Source records:

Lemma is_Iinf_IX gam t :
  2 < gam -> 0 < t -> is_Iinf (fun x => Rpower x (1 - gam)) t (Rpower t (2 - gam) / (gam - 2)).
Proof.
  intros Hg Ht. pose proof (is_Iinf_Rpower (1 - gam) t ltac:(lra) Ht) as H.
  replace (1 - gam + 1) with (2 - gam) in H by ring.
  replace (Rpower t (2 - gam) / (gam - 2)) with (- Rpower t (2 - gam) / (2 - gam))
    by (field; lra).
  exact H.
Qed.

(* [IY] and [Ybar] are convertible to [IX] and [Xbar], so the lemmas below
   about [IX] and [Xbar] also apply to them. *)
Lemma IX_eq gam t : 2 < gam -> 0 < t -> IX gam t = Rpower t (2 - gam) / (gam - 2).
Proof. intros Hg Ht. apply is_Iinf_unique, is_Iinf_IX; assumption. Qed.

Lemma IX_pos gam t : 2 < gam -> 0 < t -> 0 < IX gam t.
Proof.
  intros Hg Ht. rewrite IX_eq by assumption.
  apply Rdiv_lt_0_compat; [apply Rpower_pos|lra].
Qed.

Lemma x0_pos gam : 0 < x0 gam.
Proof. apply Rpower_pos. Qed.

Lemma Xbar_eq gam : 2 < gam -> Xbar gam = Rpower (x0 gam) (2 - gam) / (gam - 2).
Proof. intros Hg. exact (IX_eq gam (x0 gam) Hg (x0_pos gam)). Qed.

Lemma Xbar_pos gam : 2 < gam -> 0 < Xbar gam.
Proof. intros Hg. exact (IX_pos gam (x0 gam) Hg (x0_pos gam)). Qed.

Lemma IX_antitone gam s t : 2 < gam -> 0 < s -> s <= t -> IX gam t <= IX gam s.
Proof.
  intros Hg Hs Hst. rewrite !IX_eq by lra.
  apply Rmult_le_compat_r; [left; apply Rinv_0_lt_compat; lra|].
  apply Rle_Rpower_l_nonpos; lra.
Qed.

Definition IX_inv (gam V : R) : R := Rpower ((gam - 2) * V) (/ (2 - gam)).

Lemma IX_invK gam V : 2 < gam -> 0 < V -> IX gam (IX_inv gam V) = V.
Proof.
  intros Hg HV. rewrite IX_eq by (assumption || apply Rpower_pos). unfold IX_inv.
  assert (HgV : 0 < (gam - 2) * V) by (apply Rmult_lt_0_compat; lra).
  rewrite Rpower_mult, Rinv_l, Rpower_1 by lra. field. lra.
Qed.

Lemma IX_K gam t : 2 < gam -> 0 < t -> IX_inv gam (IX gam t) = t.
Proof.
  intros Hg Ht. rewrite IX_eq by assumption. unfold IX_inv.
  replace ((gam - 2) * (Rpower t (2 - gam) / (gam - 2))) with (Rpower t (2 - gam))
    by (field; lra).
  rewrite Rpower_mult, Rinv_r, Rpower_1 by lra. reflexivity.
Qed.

What you need to do: Please copy out each line in the entries that mentions the string "replace".

Solution for this problem:
  replace (1 - gam + 1) with (2 - gam) in H by ring.
  replace (Rpower t (2 - gam) / (gam - 2)) with (- Rpower t (2 - gam) / (2 - gam))
  replace ((gam - 2) * (Rpower t (2 - gam) / (gam - 2))) with (Rpower t (2 - gam))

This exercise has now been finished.